About the TDCJ Program
In 1965, Alvin Community College (ACC) made history by becoming the first institution of higher education in the state of Texas to offer college programs to incarcerated individuals within the Texas Department of Corrections. This pioneering initiative was undertaken at the request of Dr. George Beto, who served as the Director of TDCJ at the time.
Our collaboration with the University of Houston-Clear Lake (UHCL) began in the early 1970s, initially taking place on both the UHCL campus and the ACC campus. This partnership was further expanded in 1991 to include the Texas Department of Criminal Justice, marking a significant milestone in providing incarcerated individuals with access to higher education opportunities. Through this enduring partnership, inmates within the Texas Department of Criminal Justice have been empowered to pursue and attain associate, bachelor's, and even master's degrees.
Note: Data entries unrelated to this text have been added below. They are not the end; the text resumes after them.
Lemma dot_frame_pt_u h b : dot (frame_pt t sg h b) (u t) = h.
Proof. apply dot_frame_u. Qed.

Lemma dot_frame_pt_v h b : sg * dot (frame_pt t sg h b) (v t) = b.
Proof. unfold frame_pt; rewrite dot_frame_v; destruct sg_sign as [-> | ->]; ring. Qed.

Lemma frame_pt_close p h b :
  Rabs (fst p - fst (frame_pt t sg h b)) <= Rabs (dot p (u t) - h) + Rabs (sg * dot p (v t) - b) /\
  Rabs (snd p - snd (frame_pt t sg h b)) <= Rabs (dot p (u t) - h) + Rabs (sg * dot p (v t) - b).
Proof.
  assert (Hsg2 : sg * sg = 1) by (destruct sg_sign as [-> | ->]; ring).
  pose proof (f_equal fst (frame_decomposition p t)) as Ex.
  pose proof (f_equal snd (frame_decomposition p t)) as Ey.
  unfold frame_pt, padd, pscale, u, v in *; simpl in *.
  set (a := dot p (cos t, sin t)) in *; set (c := dot p (- sin t, cos t)) in *.
  split.
  - replace (fst p - _) with ((a - h) * cos t + (sg * c - b) * - (sg * sin t)) by nra.
    apply Rabs_lin_comb; [apply Rabs_cos_le_1 |].
    rewrite Rabs_Ropp, (Rabs_sg_mult sg sg_sign); apply Rabs_sin_le_1.
  - replace (snd p - _) with ((a - h) * sin t + (sg * c - b) * (sg * cos t)) by nra.
    apply Rabs_lin_comb; [apply Rabs_sin_le_1 |].
    rewrite (Rabs_sg_mult sg sg_sign); apply Rabs_cos_le_1.
Qed.

End FramePoint.

Lemma xK_frame K s :
  xK K s = padd (pscale (pK K s - 1) (u s)) (pscale (pK K (s + PI / 2) - 1) (v s)).
Proof. unfold xK, yK, psub, padd, pscale; simpl; f_equal; ring. Qed.

Definition du t r : pt := ((cos (t + r) - cos t) / r, (sin (t + r) - sin t) / r).

Lemma dot_u_increment q t r : r <> 0 -> dot q (u (t + r)) - dot q (u t) = r * dot q (du t r).
Proof. intros Hr; unfold dot, u, du; simpl; field; exact Hr. Qed.

Definition edge_end (K : pt -> Prop) t sg (a : pt) : Prop :=
  edge K t a /\ forall q, edge K t q -> sg * dot q (v t) <= sg * dot a (v t).

Section CompactSet.
Variable K : pt -> Prop.
Hypothesis K_closed : Defs.closed K.
Hypothesis K_nonempty : nonempty K.
Variable M : R.
Hypothesis K_bounded_by : forall p, K p -> Rabs (fst p) <= M /\ Rabs (snd p) <= M.

Lemma bound_nonneg : 0 <= M.
Proof.
  destruct K_nonempty as [p Kp]; destruct (K_bounded_by p Kp).
  pose proof (Rabs_pos (fst p)); lra.
Qed.

Lemma Rabs_dot_le p q : K p -> Rabs (dot p q) <= M * (Rabs (fst q) + Rabs (snd q)).
Proof.
  intros Kp; destruct (K_bounded_by p Kp); unfold dot.
  eapply Rle_trans; [apply Rabs_triang |]; rewrite !Rabs_mult.
  pose proof (Rabs_pos (fst q)); pose proof (Rabs_pos (snd q)); nra.
Qed.

Lemma Rabs_dot_v_le p t : K p -> Rabs (dot p (v t)) <= 2 * M.
Proof.
  intros Kp; eapply Rle_trans; [apply Rabs_dot_le; exact Kp |]; simpl; rewrite Rabs_Ropp.
  pose proof (Rabs_cos_le_1 t); pose proof (Rabs_sin_le_1 t); pose proof bound_nonneg; nra.
Qed.

Lemma Rabs_dot_u_le p t : K p -> Rabs (dot p (u t)) <= 2 * M.
Proof.
  intros Kp; eapply Rle_trans; [apply Rabs_dot_le; exact Kp |]; simpl.
  pose proof (Rabs_cos_le_1 t); pose proof (Rabs_sin_le_1 t); pose proof bound_nonneg; nra.
Qed.

Section Frame.
Variables (t sg : R).
Hypothesis sg_sign : sg = 1 \/ sg = -1.

Definition near_level_above (h x : R) : Prop :=
  forall d, 0 < d -> exists p, K p /\ h - d < dot p (u t) /\ x <= sg * dot p (v t).

Lemma not_near_level_above h c : ~ near_level_above h c ->
  exists d, 0 < d /\ forall p, K p -> h - d < dot p (u t) -> sg * dot p (v t) < c.
Proof.
  intros Hn; apply NNPP; intros Hno; apply Hn; intros d Hd; apply NNPP; intros Hnp.
  apply Hno; exists d; split; [exact Hd |]; intros p Kp Hp.
  apply Rnot_le_lt; intros Hle; apply Hnp; exists p; auto.
Qed.

Lemma near_level_above_le h x : near_level_above h x -> x <= 2 * M.
Proof.
  intros Hx; destruct (Hx 1 Rlt_0_1) as [p [Kp [_ Hp]]].
  pose proof (Rabs_dot_v_le p t Kp) as Hv; rewrite <- (Rabs_sg_mult sg sg_sign) in Hv.
  pose proof (Rle_abs (sg * dot p (v t))); lra.
Qed.

(* [b] is the limsup of [sg * p . v_t] as [p . u_t] tends to [h] in [K]; closedness puts the
   limit point [h u_t + b sg v_t] in [K]. *)
Lemma near_level_limit_point h x0 :
  (forall p, K p -> dot p (u t) <= h) -> near_level_above h x0 ->
  exists b, x0 <= b /\ K (frame_pt t sg h b) /\ forall c, b < c -> ~ near_level_above h c.
Proof.
  intros Hh Hx0.
  destruct (completeness (near_level_above h)) as [b [Hub Hlub]].
  { exists (2 * M); intros x; apply near_level_above_le. }
  { exists x0; exact Hx0. }
  assert (Habove : forall c, b < c -> ~ near_level_above h c).
  { intros c Hc Hnc; specialize (Hub c Hnc); lra. }
  exists b; split; [apply Hub, Hx0 | split; [| exact Habove]].
  apply K_closed; intros eps Heps.
  destruct (not_near_level_above h (b + eps / 2) (Habove (b + eps / 2) ltac:(lra)))
    as [d0 [Hd0 Hbelow]].
  assert (Hx : exists x, near_level_above h x /\ b - eps / 2 < x).
  { apply NNPP; intros Hn; assert (b <= b - eps / 2); [| lra].
    apply Hlub; intros x Hx; apply Rnot_lt_le; intros Hlt; apply Hn; exists x; auto. }
  destruct Hx as [x [Hx Hbx]].
  destruct (Hx (Rmin d0 (eps / 2))) as [p [Kp [Hpu Hpv]]]; [apply Rmin_pos; lra |].
  pose proof (Rmin_l d0 (eps / 2)); pose proof (Rmin_r d0 (eps / 2)).
  specialize (Hbelow p Kp ltac:(lra)); specialize (Hh p Kp).
  destruct (frame_pt_close t sg sg_sign p h b) as [H1 H2].
  assert (Hu : Rabs (dot p (u t) - h) < eps / 2) by (apply Rabs_def1; lra).
  assert (Hv : Rabs (sg * dot p (v t) - b) < eps / 2) by (apply Rabs_def1; lra).
  exists p; split; [exact Kp | lra].
Qed.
Alvin Community College has also been honored to be among the select group of 67 American colleges and universities chosen to participate in the Second Chance Pell pilot program. This program offers vital grant funds to incarcerated individuals seeking to pursue higher education, offering them an opportunity to transform their lives through learning.
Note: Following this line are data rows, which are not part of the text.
(* Let $\Lambda_{TU}=\{(F(x),\Lambda_x,v(x))\}_{x\in X}$ and $\Gamma_{TU}=\{(G(x),\Gamma_x,v(x))\}_{x\in X}$ be continuous $(T,U)$-controlled $g$-fusion frames for $H$ with bounds $A_1,B_1$ and $A_2,B_2$ and frame operators $S_C$ and $S_{C'}$ respectively, and assume $S_C^{-1}$ and $S_{C'}^{-1}$ each commute with both $T$ and $U$. Let $\Delta_{TU}=\{(X(x),\Delta_x,v(x))\}_{x\in X}$ with $X(x)=S_C^{-1}F(x)$, $\Delta_x=\Lambda_xP_{F(x)}S_C^{-1}$, and $\Theta_{TU}=\{(Y(x),\Theta_x,v(x))\}_{x\in X}$ with $Y(x)=S_{C'}^{-1}G(x)$, $\Theta_x=\Gamma_xP_{G(x)}S_{C'}^{-1}$, be their canonical duals. If there is $D>0$ such that for every $f\in H$ $$\Big|\int_X v(x)^2\big(\langle\Lambda_xP_{F(x)}Uf,\Lambda_xP_{F(x)}Tf\rangle-\langle\Gamma_xP_{G(x)}Uf,\Gamma_xP_{G(x)}Tf\rangle\big)\,d\mu(x)\Big|\le D\|f\|^2,$$ then for every $f\in H$ $$\Big|\int_X v(x)^2\big(\langle\Delta_xP_{X(x)}Uf,\Delta_xP_{X(x)}Tf\rangle-\langle\Theta_xP_{Y(x)}Uf,\Theta_xP_{Y(x)}Tf\rangle\big)\,d\mu(x)\Big|\le\frac{D}{A_1A_2}\|f\|^2.$$
   Context: $H$ is a separable complex Hilbert space, $\mathcal{B}(H)$ the bounded operators on $H$, $\mathcal{GB}^+(H)$ the positive bounded operators on $H$ with bounded inverse, $P_M$ the orthogonal projection onto a closed subspace $M$. Let $(X,\mu)$ be a measure space, $\{K_x\}_{x\in X}$ Hilbert spaces, $v:X\to\mathbb{R}^+$ measurable, $F,G$ maps from $X$ to closed subspaces of $H$ with $x\mapsto P_{F(x)}f$, $x\mapsto P_{G(x)}f$ weakly measurable for all $f$, $\Lambda_x\in\mathcal{B}(F(x),K_x)$, $\Gamma_x\in\mathcal{B}(G(x),K_x)$, and $T,U\in\mathcal{GB}^+(H)$. A family $\{(F(x),\Lambda_x,v(x))\}$ is a continuous $(T,U)$-controlled $g$-fusion frame for $H$ with bounds $0<A\le B<\infty$ if $A\|f\|^2\le\int_X v(x)^2\langle\Lambda_xP_{F(x)}Uf,\Lambda_xP_{F(x)}Tf\rangle d\mu(x)\le B\|f\|^2$ for all $f\in H$. Its frame operator $S_C\in\mathcal{B}(H)$ is given by $\langle S_Cf,g\rangle=\int_X v(x)^2\langle T^*P_{F(x)}\Lambda_x^*\Lambda_xP_{F(x)}Uf,g\rangle d\mu(x)$; it satisfies $AI_H\le S_C\le BI_H$. The canonical dual of such a frame (when $S_C^{-1}$ commutes with $T$ and $U$) is the family $\{(S_C^{-1}F(x),\Lambda_xP_{F(x)}S_C^{-1},v(x))\}_{x\in X}$, the operator being restricted to $S_C^{-1}F(x)$. *)

From HB Require Import structures.
From mathcomp Require Import all_boot all_order all_algebra.
From mathcomp Require Import all_classical all_reals all_analysis.
From mathcomp Require Import complex.
Set Implicit Arguments.
Unset Strict Implicit.
Unset Printing Implicit Defensive.
Import Order.TTheory GRing.Theory Num.Theory.
Local Open Scope ring_scope.
Local Open Scope classical_set_scope.

Record preH (R : realType) := PreH {
  pcar :> lmodType R[i];
  pip : pcar -> pcar -> R[i];
  pip_linl : forall (a : R[i]) (x y z : pcar), pip (a *: x + y) z = a * pip x z + pip y z;
  pip_conj : forall x y : pcar, pip x y = Num.conj (pip y x);
  pip_ge0 : forall x : pcar, 0 <= pip x x;
  pip_eq0 : forall x : pcar, pip x x = 0 -> x = 0
}.
Arguments pip {R P} : rename.

Definition hnorm (R : realType) (H : preH R) (x : H) : R :=
  Num.sqrt (complex.Re (pip x x)).

Definition hcauchy (R : realType) (H : preH R) (u : nat -> H) : Prop :=
  forall e : R, 0 < e -> exists N : nat,
    forall m n : nat, (N <= m)%N -> (N <= n)%N -> hnorm (u m - u n) < e.

Definition hconv (R : realType) (H : preH R) (u : nat -> H) (l : H) : Prop :=
  forall e : R, 0 < e -> exists N : nat, forall n : nat, (N <= n)%N -> hnorm (u n - l) < e.

Record hilbert (R : realType) := Hilbert {
  hpre :> preH R;
  hcomplete : forall u : nat -> hpre, hcauchy u -> exists l, hconv u l;
  hseparable : exists d : nat -> hpre,
      forall (f : hpre) (e : R), 0 < e -> exists n, hnorm (f - d n) < e
}.

Definition closed_subspace (R : realType) (H : preH R) (M : set H) : Prop :=
  [/\ M 0,
      (forall (a : R[i]) (x y : H), M x -> M y -> M (a *: x + y)) &
      (forall (u : nat -> H) (l : H), (forall n, M (u n)) -> hconv u l -> M l)].

(* orthogonal projection P_M f : the unique p in M with f - p orthogonal to M
   (exists and is unique when M is a closed subspace of a Hilbert space) *)
Definition orth_proj (R : realType) (H : preH R) (M : set H) (f : H) : H :=
  xget (0 : H) [set p | M p /\ forall g, M g -> pip (f - p) g = 0].

Definition bounded_op (R : realType) (H1 H2 : preH R) (L : H1 -> H2) : Prop :=
  (forall (a : R[i]) (x y : H1), L (a *: x + y) = a *: L x + L y) /\
  exists M : R, forall x, hnorm (L x) <= M * hnorm x.

Definition GBplus (R : realType) (H : preH R) (T : H -> H) : Prop :=
  [/\ bounded_op T,
      (forall f, 0 <= pip (T f) f) &
      exists Ti : H -> H, [/\ bounded_op Ti, cancel T Ti & cancel Ti T]].

Definition RtoC (R : realType) (r : R) : R[i] := Complex r 0.

Definition cintegrable (R : realType) d (X : measurableType d)
    (mu : {measure set X -> \bar R}) (g : X -> R[i]) : Prop :=
  mu.-integrable setT (fun x => (complex.Re (g x))%:E) /\
  mu.-integrable setT (fun x => (complex.Im (g x))%:E).

Definition cint (R : realType) d (X : measurableType d)
    (mu : {measure set X -> \bar R}) (g : X -> R[i]) : R[i] :=
  Complex (Rintegral mu setT (fun x => complex.Re (g x)))
          (Rintegral mu setT (fun x => complex.Im (g x))).

Definition gff_integrand (R : realType) (H : hilbert R) d (X : measurableType d)
    (K : X -> hilbert R) (F : X -> set H) (Lam : forall x, H -> K x)
    (v : X -> R) (T U : H -> H) (f g : H) (x : X) : R[i] :=
  RtoC (v x ^+ 2) * pip (Lam x (orth_proj (F x) (U f))) (Lam x (orth_proj (F x) (T g))).

Definition gf_family (R : realType) (H : hilbert R) d (X : measurableType d)
    (K : X -> hilbert R) (F : X -> set H) (Lam : forall x, H -> K x)
    (v : X -> R) : Prop :=
  [/\ (forall x, closed_subspace (F x)),
      (forall x, bounded_op (Lam x)),
      measurable_fun setT v, (forall x, 0 < v x) &
      (forall f g : H,
          measurable_fun setT (fun x => complex.Re (pip (orth_proj (F x) f) g)) /\
          measurable_fun setT (fun x => complex.Im (pip (orth_proj (F x) f) g)))].

Definition cgf_frame (R : realType) (H : hilbert R) d (X : measurableType d)
    (mu : {measure set X -> \bar R})
    (K : X -> hilbert R) (F : X -> set H) (Lam : forall x, H -> K x)
    (v : X -> R) (T U : H -> H) (A B : R) : Prop :=
  [/\ gf_family F Lam v, GBplus T /\ GBplus U, 0 < A, A <= B &
      forall f : H, cintegrable mu (gff_integrand F Lam v T U f f) /\
        RtoC (A * hnorm f ^+ 2) <= cint mu (gff_integrand F Lam v T U f f)
          <= RtoC (B * hnorm f ^+ 2)].

(* S is the frame operator: <S f, g> = int v^2 <T^* P Lam^* Lam P U f, g>
   = int v^2 <Lam P U f, Lam P T g>  (T = T^* as T is positive) *)
Definition is_frame_op (R : realType) (H : hilbert R) d (X : measurableType d)
    (mu : {measure set X -> \bar R})
    (K : X -> hilbert R) (F : X -> set H) (Lam : forall x, H -> K x)
    (v : X -> R) (T U : H -> H) (S : H -> H) : Prop :=
  forall f g : H, pip (S f) g = cint mu (gff_integrand F Lam v T U f g).

From HB Require Import structures.
From mathcomp Require Import all_boot all_order all_algebra.
From mathcomp Require Import all_classical all_reals all_analysis.
From mathcomp Require Import complex.
From mathcomp Require Import ring lra.
Set Implicit Arguments.
Unset Strict Implicit.
Unset Printing Implicit Defensive.
Import Order.TTheory GRing.Theory Num.Theory.
Local Open Scope complex_scope.
Local Open Scope ring_scope.
Local Open Scope classical_set_scope.

(* The integrand of the canonical dual at f is the original integrand at S_C^-1 f: S_C^-1 is
   self-adjoint and commutes with T and U, and P_F(x) S_C^-1 P_(S_C^-1 F(x)) = P_F(x) S_C^-1.
   Hence the left-hand side equals |<(S_C - S_C') a, b>| with a = S_C^-1 f, b = S_C'^-1 f.
   The hypothesis bounds the hermitian form <(S_C - S_C') ., .> by D on the diagonal, so
   polarization gives |<(S_C - S_C') x, y>| <= D (||x||^2 + ||y||^2) / 2.  Taking x = A_1 a and
   y = A_2 b, and using ||S^-1 f|| <= ||f|| / A for a frame operator with lower bound A,
   gives A_1 A_2 |<(S_C - S_C') a, b>| <= D ||f||^2. *)

Section Sesquilinear.
Variables (R : realType) (V : lmodType R[i]) (b : V -> V -> R[i]).
Hypothesis linl : forall (a : R[i]) x y z, b (a *: x + y) z = a * b x z + b y z.
Hypothesis linr : forall (a : R[i]) x y z, b z (a *: x + y) = a^* * b z x + b z y.

Lemma sesq0l z : b 0 z = 0.
Proof.
have := linl 1 0 0 z; rewrite scaler0 addr0 mul1r => h.
by apply: (addrI (b 0 z)); rewrite addr0 -h.
Qed.

Lemma sesq0r z : b z 0 = 0.
Proof.
have := linr 1 0 0 z; rewrite scaler0 addr0 rmorph1 mul1r => h.
by apply: (addrI (b z 0)); rewrite addr0 -h.
Qed.

Lemma sesqDl x y z : b (x + y) z = b x z + b y z.
Proof. by have := linl 1 x y z; rewrite scale1r mul1r. Qed.

Lemma sesqZl a x z : b (a *: x) z = a * b x z.
Proof. by have := linl a x 0 z; rewrite addr0 sesq0l addr0. Qed.

Lemma sesqNl x z : b (- x) z = - b x z.
Proof. by rewrite -scaleN1r sesqZl mulN1r. Qed.

Lemma sesqBl x y z : b (x - y) z = b x z - b y z.
Proof. by rewrite sesqDl sesqNl. Qed.

Lemma sesqDr x y z : b z (x + y) = b z x + b z y.
Proof. by have := linr 1 x y z; rewrite scale1r rmorph1 mul1r. Qed.

Lemma sesqZr a x z : b z (a *: x) = a^* * b z x.
Proof. by have := linr a x 0 z; rewrite addr0 sesq0r addr0. Qed.

Lemma sesqNr x z : b z (- x) = - b z x.
Proof. by rewrite -scaleN1r sesqZr conjCN1 mulN1r. Qed.

Lemma sesq_polarization f g :
  4 * b f g = b (f + g) (f + g) - b (f - g) (f - g)
    + 'i * b (f + 'i *: g) (f + 'i *: g) - 'i * b (f - 'i *: g) (f - 'i *: g).
Proof.
rewrite !(sesqDl, sesqNl, sesqDr, sesqNr, sesqZl, sesqZr) conjCi.
by ring: (@mulCii R[i]).
Qed.

Lemma sesq_hermitian : (forall g, complex.Im (b g g) = 0) -> forall f g, b g f = (b f g)^*.
Proof.
move=> diag f g; have e1 := diag (f + g); have e2 := diag (f + 'i *: g).
rewrite !(sesqDl, sesqDr, sesqZl, sesqZr) conjCi in e1 e2.
move: e1 e2 (diag f) (diag g).
case: (b f g) (b g f) (b f f) (b g g) => [p q] [r s] [u1 u2] [w1 w2] /= e1 e2 e3 e4.
by apply/eqP; rewrite eq_complex /=; apply/andP; split; apply/eqP; lra.
Qed.

End Sesquilinear.

Definition sqnormc (R : realType) (c : R[i]) : R := complex.Re c ^+ 2 + complex.Im c ^+ 2.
We support all students and staff as individuals; we are responsive, caring, inclusive, and welcoming; we value all members of the ACC family. We are a growing community that offers flexibility and innovation, responding to a wide array of community and workforce needs, all in a friendly atmosphere.
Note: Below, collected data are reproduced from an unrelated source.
(* coordinates of P(r), L(r) for r = \sum_p a p (x) b p *)
Definition PLYBE_P (F : fieldType) (d : nat) (I : finType)
  (circ : 'rV[F]_d -> 'rV[F]_d -> 'rV[F]_d) (a b : I -> 'rV[F]_d)
  (i j k : 'I_d) : F :=
  \sum_(p : I) \sum_(q : I)
     (t3 (a p) (a q) (circ (b p) (b q)) i j k
      - t3 (a p) (circ (b p) (a q)) (b q) i j k
      + t3 (circ (a p) (a q) - circ (a q) (a p)) (b q) (b p) i j k).

Definition PLYBE_L (F : fieldType) (d : nat) (I : finType)
  (br : 'rV[F]_d -> 'rV[F]_d -> 'rV[F]_d) (a b : I -> 'rV[F]_d)
  (i j k : 'I_d) : F :=
  \sum_(p : I) \sum_(q : I)
     (t3 (a p) (a q) (br (b p) (b q)) i j k
      + t3 (a p) (br (b p) (a q)) (b q) i j k
      - t3 (br (a p) (a q) + br (a q) (a p)) (b p) (b q) i j k).

(* r : 'M_d is the 2-tensor \sum_{p,q} r p q e_p (x) e_q = \sum_p e_p (x) row p r *)
Definition PLYBE_solution (F : fieldType) (d : nat)
  (circ br : 'rV[F]_d -> 'rV[F]_d -> 'rV[F]_d) (r : 'M[F]_d) : Prop :=
  let a := fun p : 'I_d => (delta_mx 0 p : 'rV[F]_d) in
  let b := fun p : 'I_d => row p r in
  forall i j k, PLYBE_P circ a b i j k = 0 /\ PLYBE_L br a b i j k = 0.

Definition tensor2 (F : fieldType) (d : nat) (a b : 'rV[F]_d) : 'M[F]_d := a^T *m b.

Definition T_tensor (F : fieldType) (n m : nat) (T : 'cV[F]_m -> 'rV[F]_n)
  : 'M[F]_(n + m) :=
  \sum_(k < m) tensor2 (row_mx (T (delta_mx k 0)) (0 : 'rV[F]_m))
                       (row_mx (0 : 'rV[F]_n) (delta_mx 0 k)).

Definition flip2 (F : fieldType) (d : nat) (t : 'M[F]_d) : 'M[F]_d := t^T.

Definition linear_map (F : fieldType) (n m : nat) (T : 'cV[F]_m -> 'rV[F]_n) : Prop :=
  forall (a : F) u v, T (a *: u + v) = a *: T u + T v.

Definition O_operator (F : fieldType) (n m : nat)
  (circ br : 'rV[F]_n -> 'rV[F]_n -> 'rV[F]_n)
  (lc rc lb rb : 'rV[F]_n -> 'M[F]_m) (T : 'cV[F]_m -> 'rV[F]_n) : Prop :=
  forall u v,
    circ (T u) (T v) = T (lc (T u) *m v + rc (T v) *m u) /\
    br (T u) (T v) = T (lb (T u) *m v + rb (T v) *m u).

(* Only bilinearity of the operations enters; none of the dual pre-Poisson or
   representation identities is needed.  For a symmetric tensor
   r = \sum_p e_p (x) r_p, the components of P(r) and L(r) are sums of
   coordinates of products r_i . r_j of rows of r.  For r = T + tau(T) the rows
   are (T v_a, 0) at the V^*-indices and (0, T^*(e_c^* )) at the A-indices.  In
   A (+) V^* the product of two elements of V^* vanishes and the product of two
   elements of A lies in A, so the only nonzero components of P(r) and L(r) are
   those with exactly one A-index, and each is a combination of the coordinates
   of the O-operator defects  T u . T v - T (l_.(T u) v + r_.(T v) u)  at basis
   vectors u = v_a, v = v_b.  The (V^*, V^*, A) component is the defect itself,
   and a bilinear map vanishing on pairs of basis vectors vanishes. *)

From HB Require Import structures.
From mathcomp Require Import all_boot all_order all_algebra ring.
Import GRing.Theory.
Local Open Scope ring_scope.

Set Implicit Arguments.
Unset Strict Implicit.
Unset Printing Implicit Defensive.

Lemma bilinear_op_for (F : fieldType) (d : nat) (op : 'rV[F]_d -> 'rV[F]_d -> 'rV[F]_d) :
  bilinear_op op -> bilinear_for *:%R *:%R op.
Proof. by case=> opl opr; split=> [z a x y | z a x y]; [apply: opl | apply: opr]. Qed.

Lemma split_lshift (n m : nat) (c : 'I_n) : split (lshift m c) = inl c.
Proof. exact: (unsplitK (inl c : 'I_n + 'I_m)). Qed.

Lemma split_rshift (n m : nat) (a : 'I_m) : split (rshift n a) = inr a.
Proof. exact: (unsplitK (inr a : 'I_n + 'I_m)). Qed.

Lemma sum_delta_coord (F : fieldType) (d : nat) (f : 'I_d -> F) i :
  \sum_p ('e_p : 'rV[F]_d) 0 i * f p = f i.
Proof.
rewrite (bigD1 i) //= big1 => [|p ne_pi]; first by rewrite mxE !eqxx mul1r addr0.
by rewrite mxE eq_sym (negbTE ne_pi) mul0r.
Qed.

Lemma sum2_delta_coord (F : fieldType) (d : nat) (f : 'I_d -> 'I_d -> F) i j :
  \sum_p \sum_q ('e_p : 'rV[F]_d) 0 i * ('e_q : 'rV[F]_d) 0 j * f p q = f i j.
Proof.
under eq_bigr do under eq_bigr do rewrite -mulrA.
under eq_bigr do rewrite -mulr_sumr sum_delta_coord.
exact: sum_delta_coord.
Qed.

Section SymmetricTensor.
Variables (F : fieldType) (d : nat) (op : 'rV[F]_d -> 'rV[F]_d -> 'rV[F]_d) (r : 'M[F]_d).
Hypothesis op_bilinear : bilinear_for *:%R *:%R op.
Hypothesis r_sym : r^T = r.

HB.instance Definition _ := bilinear_isBilinear.Build F _ _ _ *:%R *:%R op op_bilinear.

Lemma row_symE k : row k r = \sum_q r q k *: 'e_q.
Proof.
rewrite [LHS]row_sum_delta; apply: eq_bigr => q _.
by rewrite mxE -[in LHS]r_sym mxE.
Qed.

Lemma op_row_sym_coord x k i : op x (row k r) 0 i = \sum_q r q k * op x 'e_q 0 i.
Proof.
rewrite row_symE linear_sumr summxE; apply: eq_bigr => q _.
by rewrite linearZr_LR mxE.
Qed.

Lemma op_rows_sym_coord j k i :
  op (row j r) (row k r) 0 i = \sum_p \sum_q op 'e_p 'e_q 0 i * r p j * r q k.
Proof.
rewrite {1}row_symE linear_sumlz summxE; apply: eq_bigr => p _.
rewrite linearZl_LR mxE op_row_sym_coord mulr_sumr; apply: eq_bigr => q _.
by rewrite mulrA mulrC mulrA.
Qed.

Lemma sum_delta_op_row i j k :
  \sum_p \sum_q ('e_p : 'rV_d) 0 i * op (row p r) 'e_q 0 j * row q r 0 k =
  op (row i r) (row k r) 0 j.
Proof.
under eq_bigr do under eq_bigr do rewrite -mulrA.
under eq_bigr do rewrite -mulr_sumr.
rewrite sum_delta_coord op_row_sym_coord; apply: eq_bigr => q _.
by rewrite mxE mulrC.
Qed.

Lemma PLYBE_P_sym i j k :
  PLYBE_P op (fun p : 'I_d => 'e_p : 'rV[F]_d) (fun p : 'I_d => row p r) i j k =
    op (row i r) (row j r) 0 k - op (row i r) (row k r) 0 j
    + (op (row k r) (row j r) 0 i - op (row j r) (row k r) 0 i).
Proof.
rewrite /PLYBE_P /t3.
under eq_bigr do rewrite big_split sumrB.
rewrite big_split sumrB /= sum2_delta_coord sum_delta_op_row.
congr (_ + _); rewrite 2!op_rows_sym_coord [in X in _ - X]exchange_big -sumrB.
apply: eq_bigr => p _; rewrite -sumrB; apply: eq_bigr => q _.
by rewrite !mxE; ring.
Qed.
ACC-TDCJ Mission Statement
Our mission is to provide incarcerated individuals with access to high-quality post-secondary education and training opportunities that promote personal growth, skill development, and successful re-entry into society. We strive to create an inclusive and supportive learning environment that fosters intellectual curiosity and critical thinking. By empowering our students with knowledge, skills, confidence, and self-advocacy, we aim to break the cycle of recidivism and promote a more just and equitable society.